Activity: Scan the records for the string "eqxx", then copy each line that has it.

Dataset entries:
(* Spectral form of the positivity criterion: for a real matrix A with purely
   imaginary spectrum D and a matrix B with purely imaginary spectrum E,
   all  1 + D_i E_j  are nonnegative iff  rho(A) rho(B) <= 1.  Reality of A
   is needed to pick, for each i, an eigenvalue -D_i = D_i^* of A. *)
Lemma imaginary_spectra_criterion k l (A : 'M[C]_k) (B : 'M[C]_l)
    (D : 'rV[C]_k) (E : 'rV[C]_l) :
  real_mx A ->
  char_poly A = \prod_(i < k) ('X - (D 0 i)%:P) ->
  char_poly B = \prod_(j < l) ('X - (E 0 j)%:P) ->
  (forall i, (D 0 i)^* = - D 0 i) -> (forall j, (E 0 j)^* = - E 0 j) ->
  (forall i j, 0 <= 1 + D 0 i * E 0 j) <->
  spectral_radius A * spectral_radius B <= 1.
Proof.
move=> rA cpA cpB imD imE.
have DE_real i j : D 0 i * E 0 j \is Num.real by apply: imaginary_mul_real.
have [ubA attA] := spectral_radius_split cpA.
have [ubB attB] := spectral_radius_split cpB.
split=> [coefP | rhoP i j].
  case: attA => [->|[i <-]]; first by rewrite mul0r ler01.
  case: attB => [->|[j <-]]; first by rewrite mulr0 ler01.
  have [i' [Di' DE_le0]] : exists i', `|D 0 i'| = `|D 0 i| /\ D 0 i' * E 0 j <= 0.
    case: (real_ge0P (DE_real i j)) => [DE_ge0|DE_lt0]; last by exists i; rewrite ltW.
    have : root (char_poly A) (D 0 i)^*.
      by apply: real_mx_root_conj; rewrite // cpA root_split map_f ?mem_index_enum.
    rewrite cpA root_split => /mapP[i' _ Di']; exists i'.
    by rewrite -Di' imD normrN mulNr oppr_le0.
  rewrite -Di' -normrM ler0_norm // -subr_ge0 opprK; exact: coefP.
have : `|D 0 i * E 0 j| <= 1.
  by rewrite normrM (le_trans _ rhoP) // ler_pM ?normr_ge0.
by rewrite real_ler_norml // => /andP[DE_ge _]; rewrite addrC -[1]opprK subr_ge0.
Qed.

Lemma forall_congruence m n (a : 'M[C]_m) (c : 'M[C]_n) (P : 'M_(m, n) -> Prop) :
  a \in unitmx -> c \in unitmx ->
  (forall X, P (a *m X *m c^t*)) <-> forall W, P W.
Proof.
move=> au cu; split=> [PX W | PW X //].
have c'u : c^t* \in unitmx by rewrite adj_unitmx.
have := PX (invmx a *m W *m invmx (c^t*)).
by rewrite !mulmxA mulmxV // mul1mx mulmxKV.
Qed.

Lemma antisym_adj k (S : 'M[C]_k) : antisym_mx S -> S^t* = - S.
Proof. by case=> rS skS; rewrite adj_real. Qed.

--

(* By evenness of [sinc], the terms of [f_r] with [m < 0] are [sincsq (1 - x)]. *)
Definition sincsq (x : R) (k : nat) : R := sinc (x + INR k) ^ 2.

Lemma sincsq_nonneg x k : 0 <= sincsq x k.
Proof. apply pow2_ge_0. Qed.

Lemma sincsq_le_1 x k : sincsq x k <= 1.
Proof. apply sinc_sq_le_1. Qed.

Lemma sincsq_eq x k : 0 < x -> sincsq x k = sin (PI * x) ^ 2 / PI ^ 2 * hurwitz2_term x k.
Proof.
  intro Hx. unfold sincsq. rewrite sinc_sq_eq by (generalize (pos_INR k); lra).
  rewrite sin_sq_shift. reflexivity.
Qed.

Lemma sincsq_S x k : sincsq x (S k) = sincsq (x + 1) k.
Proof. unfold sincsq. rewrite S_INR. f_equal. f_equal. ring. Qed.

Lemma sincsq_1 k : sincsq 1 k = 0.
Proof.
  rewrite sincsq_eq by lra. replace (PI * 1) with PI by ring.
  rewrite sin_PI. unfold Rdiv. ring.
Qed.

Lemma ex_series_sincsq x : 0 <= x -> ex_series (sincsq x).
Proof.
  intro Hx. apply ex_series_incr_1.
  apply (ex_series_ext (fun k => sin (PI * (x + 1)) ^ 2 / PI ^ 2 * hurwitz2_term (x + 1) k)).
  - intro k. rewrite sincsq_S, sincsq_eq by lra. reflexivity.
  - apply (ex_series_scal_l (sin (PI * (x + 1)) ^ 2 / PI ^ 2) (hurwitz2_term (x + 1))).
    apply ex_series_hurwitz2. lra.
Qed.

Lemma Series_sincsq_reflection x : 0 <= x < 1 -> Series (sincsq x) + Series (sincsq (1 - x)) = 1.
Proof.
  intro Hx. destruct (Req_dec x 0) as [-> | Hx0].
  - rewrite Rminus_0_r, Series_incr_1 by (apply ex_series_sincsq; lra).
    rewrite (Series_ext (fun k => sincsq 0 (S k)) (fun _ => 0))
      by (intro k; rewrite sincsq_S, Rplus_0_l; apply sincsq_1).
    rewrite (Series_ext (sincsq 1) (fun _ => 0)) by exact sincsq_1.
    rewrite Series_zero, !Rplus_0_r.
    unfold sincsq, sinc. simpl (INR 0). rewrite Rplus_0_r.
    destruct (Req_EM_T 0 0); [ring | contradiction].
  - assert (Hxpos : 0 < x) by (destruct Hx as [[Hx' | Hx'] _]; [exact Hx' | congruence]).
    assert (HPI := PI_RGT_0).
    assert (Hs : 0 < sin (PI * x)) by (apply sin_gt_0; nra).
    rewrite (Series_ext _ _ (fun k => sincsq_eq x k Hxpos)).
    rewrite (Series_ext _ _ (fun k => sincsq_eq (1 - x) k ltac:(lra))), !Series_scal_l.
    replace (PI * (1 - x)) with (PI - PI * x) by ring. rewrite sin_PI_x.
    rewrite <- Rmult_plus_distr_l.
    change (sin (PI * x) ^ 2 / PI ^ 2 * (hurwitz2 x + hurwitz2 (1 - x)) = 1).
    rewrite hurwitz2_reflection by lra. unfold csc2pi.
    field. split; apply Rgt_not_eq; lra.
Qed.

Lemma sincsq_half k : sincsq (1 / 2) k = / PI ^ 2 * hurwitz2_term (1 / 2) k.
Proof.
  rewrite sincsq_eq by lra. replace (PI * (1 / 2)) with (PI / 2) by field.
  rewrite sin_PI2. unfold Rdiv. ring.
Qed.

...

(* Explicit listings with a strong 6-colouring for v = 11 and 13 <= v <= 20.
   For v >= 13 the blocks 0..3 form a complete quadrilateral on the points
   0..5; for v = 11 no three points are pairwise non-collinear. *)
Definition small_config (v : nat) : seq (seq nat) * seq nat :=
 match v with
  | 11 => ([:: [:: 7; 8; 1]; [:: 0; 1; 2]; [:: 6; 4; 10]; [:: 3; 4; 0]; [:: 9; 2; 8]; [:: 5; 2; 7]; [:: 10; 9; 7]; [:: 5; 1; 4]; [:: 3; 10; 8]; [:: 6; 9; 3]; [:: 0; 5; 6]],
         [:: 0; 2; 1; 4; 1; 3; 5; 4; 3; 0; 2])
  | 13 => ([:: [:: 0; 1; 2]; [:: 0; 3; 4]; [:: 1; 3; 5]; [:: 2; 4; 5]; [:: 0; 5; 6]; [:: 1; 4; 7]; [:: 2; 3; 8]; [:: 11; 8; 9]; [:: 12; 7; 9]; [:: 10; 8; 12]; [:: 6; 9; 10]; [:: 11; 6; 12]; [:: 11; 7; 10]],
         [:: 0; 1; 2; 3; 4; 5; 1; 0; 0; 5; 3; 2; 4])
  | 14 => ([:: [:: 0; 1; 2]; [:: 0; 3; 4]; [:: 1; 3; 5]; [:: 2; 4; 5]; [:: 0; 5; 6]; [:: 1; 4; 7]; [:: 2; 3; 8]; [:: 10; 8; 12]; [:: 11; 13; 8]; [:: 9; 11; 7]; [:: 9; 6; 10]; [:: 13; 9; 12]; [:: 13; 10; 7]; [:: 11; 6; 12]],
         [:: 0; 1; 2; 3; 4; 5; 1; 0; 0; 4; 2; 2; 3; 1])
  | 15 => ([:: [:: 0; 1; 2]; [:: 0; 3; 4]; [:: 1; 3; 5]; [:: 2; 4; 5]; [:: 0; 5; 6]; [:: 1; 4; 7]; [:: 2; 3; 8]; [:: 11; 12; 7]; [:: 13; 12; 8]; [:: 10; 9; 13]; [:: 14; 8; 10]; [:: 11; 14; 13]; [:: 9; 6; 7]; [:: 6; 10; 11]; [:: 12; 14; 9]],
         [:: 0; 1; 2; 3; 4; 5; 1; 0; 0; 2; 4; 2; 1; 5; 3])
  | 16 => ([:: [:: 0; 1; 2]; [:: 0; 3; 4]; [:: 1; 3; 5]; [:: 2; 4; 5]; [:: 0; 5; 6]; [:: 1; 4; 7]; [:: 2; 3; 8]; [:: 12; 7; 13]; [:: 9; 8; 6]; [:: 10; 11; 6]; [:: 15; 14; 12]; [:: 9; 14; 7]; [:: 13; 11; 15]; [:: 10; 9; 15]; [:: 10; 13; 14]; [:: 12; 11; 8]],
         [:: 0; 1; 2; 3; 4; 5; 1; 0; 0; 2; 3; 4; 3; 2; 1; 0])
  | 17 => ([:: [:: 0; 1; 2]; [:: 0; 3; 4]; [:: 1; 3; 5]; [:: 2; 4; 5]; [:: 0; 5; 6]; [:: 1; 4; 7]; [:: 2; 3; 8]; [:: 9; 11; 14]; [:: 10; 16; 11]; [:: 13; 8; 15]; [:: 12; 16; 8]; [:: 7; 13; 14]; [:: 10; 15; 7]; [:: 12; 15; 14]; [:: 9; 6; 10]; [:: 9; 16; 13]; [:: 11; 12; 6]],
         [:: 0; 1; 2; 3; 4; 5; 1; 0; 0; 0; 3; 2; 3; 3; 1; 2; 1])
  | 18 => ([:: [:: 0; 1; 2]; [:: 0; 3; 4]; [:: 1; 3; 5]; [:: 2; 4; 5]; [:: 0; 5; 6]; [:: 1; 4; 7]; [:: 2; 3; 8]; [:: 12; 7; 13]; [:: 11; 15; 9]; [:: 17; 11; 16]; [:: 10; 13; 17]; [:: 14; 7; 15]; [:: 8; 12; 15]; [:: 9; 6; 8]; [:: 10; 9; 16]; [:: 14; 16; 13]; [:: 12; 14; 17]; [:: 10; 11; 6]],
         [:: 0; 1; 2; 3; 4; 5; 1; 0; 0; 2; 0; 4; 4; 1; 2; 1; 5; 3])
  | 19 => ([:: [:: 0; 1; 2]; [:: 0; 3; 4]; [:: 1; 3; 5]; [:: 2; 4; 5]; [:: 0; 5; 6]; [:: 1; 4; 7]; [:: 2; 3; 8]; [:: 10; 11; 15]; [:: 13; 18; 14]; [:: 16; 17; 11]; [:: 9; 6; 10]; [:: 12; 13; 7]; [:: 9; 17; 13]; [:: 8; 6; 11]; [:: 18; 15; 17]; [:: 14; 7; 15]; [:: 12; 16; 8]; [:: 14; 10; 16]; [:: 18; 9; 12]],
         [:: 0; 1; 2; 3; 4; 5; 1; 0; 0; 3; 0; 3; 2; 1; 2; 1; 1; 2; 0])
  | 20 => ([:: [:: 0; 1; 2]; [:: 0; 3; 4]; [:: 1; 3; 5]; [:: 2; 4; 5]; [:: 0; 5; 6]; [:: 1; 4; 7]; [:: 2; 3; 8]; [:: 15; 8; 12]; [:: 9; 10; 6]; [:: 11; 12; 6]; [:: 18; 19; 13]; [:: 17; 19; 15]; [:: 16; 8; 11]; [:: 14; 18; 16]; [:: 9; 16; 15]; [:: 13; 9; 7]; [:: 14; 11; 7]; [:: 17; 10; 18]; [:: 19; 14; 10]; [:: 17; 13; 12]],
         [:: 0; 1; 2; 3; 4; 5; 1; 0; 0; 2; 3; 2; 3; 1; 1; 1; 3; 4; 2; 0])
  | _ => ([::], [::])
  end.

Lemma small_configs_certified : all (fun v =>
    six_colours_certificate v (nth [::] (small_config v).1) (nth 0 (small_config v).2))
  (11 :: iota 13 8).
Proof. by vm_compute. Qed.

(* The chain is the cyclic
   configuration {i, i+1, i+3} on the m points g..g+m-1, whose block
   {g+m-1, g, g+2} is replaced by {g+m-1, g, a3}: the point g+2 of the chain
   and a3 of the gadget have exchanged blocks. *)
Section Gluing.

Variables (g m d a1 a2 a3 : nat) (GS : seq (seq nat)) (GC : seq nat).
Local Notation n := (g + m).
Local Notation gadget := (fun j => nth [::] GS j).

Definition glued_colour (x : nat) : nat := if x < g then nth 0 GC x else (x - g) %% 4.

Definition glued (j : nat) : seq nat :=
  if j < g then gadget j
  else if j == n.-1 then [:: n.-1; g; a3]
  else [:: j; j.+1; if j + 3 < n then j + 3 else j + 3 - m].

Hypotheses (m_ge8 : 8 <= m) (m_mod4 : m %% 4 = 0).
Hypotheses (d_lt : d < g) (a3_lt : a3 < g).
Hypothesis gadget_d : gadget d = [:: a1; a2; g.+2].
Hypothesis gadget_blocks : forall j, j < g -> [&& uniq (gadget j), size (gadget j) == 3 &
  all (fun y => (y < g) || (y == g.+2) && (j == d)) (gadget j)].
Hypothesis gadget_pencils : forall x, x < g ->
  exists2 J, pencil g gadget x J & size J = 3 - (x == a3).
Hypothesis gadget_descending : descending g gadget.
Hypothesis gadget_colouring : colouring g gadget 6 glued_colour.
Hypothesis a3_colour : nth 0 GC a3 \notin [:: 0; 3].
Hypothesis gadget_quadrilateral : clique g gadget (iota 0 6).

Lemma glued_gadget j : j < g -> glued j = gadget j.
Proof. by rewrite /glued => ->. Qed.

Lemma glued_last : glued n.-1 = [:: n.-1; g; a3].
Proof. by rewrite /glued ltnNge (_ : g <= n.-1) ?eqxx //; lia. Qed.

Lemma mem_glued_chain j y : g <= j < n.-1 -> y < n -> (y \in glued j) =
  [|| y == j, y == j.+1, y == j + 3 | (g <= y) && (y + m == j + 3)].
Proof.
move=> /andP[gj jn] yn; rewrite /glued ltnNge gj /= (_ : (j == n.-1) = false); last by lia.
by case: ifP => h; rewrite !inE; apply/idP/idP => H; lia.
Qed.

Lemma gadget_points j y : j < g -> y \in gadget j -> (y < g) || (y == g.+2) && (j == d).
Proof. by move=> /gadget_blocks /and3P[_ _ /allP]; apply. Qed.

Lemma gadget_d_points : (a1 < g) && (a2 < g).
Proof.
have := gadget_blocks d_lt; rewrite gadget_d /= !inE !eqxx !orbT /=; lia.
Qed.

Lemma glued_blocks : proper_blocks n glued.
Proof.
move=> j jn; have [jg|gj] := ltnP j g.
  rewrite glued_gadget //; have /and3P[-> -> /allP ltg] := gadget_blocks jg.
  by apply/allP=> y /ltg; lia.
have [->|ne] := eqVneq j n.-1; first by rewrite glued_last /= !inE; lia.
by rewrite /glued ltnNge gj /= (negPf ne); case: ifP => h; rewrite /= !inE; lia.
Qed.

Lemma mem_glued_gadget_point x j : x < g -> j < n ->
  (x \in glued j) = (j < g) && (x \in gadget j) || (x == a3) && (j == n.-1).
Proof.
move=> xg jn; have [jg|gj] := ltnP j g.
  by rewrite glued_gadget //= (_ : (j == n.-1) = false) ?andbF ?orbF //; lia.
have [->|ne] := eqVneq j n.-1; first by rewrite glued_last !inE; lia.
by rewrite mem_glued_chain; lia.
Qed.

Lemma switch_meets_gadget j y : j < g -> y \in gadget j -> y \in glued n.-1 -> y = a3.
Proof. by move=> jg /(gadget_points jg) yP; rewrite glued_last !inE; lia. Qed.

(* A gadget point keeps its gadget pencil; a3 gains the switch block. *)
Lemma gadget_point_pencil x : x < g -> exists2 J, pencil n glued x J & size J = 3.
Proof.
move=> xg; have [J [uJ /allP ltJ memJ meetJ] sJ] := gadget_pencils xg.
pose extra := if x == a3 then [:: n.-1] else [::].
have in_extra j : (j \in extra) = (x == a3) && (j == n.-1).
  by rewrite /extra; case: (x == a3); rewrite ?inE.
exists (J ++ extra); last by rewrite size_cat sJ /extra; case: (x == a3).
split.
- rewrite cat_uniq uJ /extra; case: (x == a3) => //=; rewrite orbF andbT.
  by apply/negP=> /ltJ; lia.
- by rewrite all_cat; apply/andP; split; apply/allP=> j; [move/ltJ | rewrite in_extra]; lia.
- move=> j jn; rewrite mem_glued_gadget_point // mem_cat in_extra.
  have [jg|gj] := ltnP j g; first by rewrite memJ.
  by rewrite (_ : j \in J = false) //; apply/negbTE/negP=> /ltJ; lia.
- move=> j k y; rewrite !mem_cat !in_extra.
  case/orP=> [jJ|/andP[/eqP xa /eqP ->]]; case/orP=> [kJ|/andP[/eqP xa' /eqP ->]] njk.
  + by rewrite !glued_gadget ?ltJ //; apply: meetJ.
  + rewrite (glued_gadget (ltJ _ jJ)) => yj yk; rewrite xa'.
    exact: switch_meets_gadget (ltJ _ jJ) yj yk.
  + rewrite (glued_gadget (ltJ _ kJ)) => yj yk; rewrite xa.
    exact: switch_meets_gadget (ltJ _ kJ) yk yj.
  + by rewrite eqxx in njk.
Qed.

Your solution:
Proof. by rewrite /glued ltnNge (_ : g <= n.-1) ?eqxx //; lia. Qed.
have := gadget_blocks d_lt; rewrite gadget_d /= !inE !eqxx !orbT /=; lia.
  + by rewrite eqxx in njk.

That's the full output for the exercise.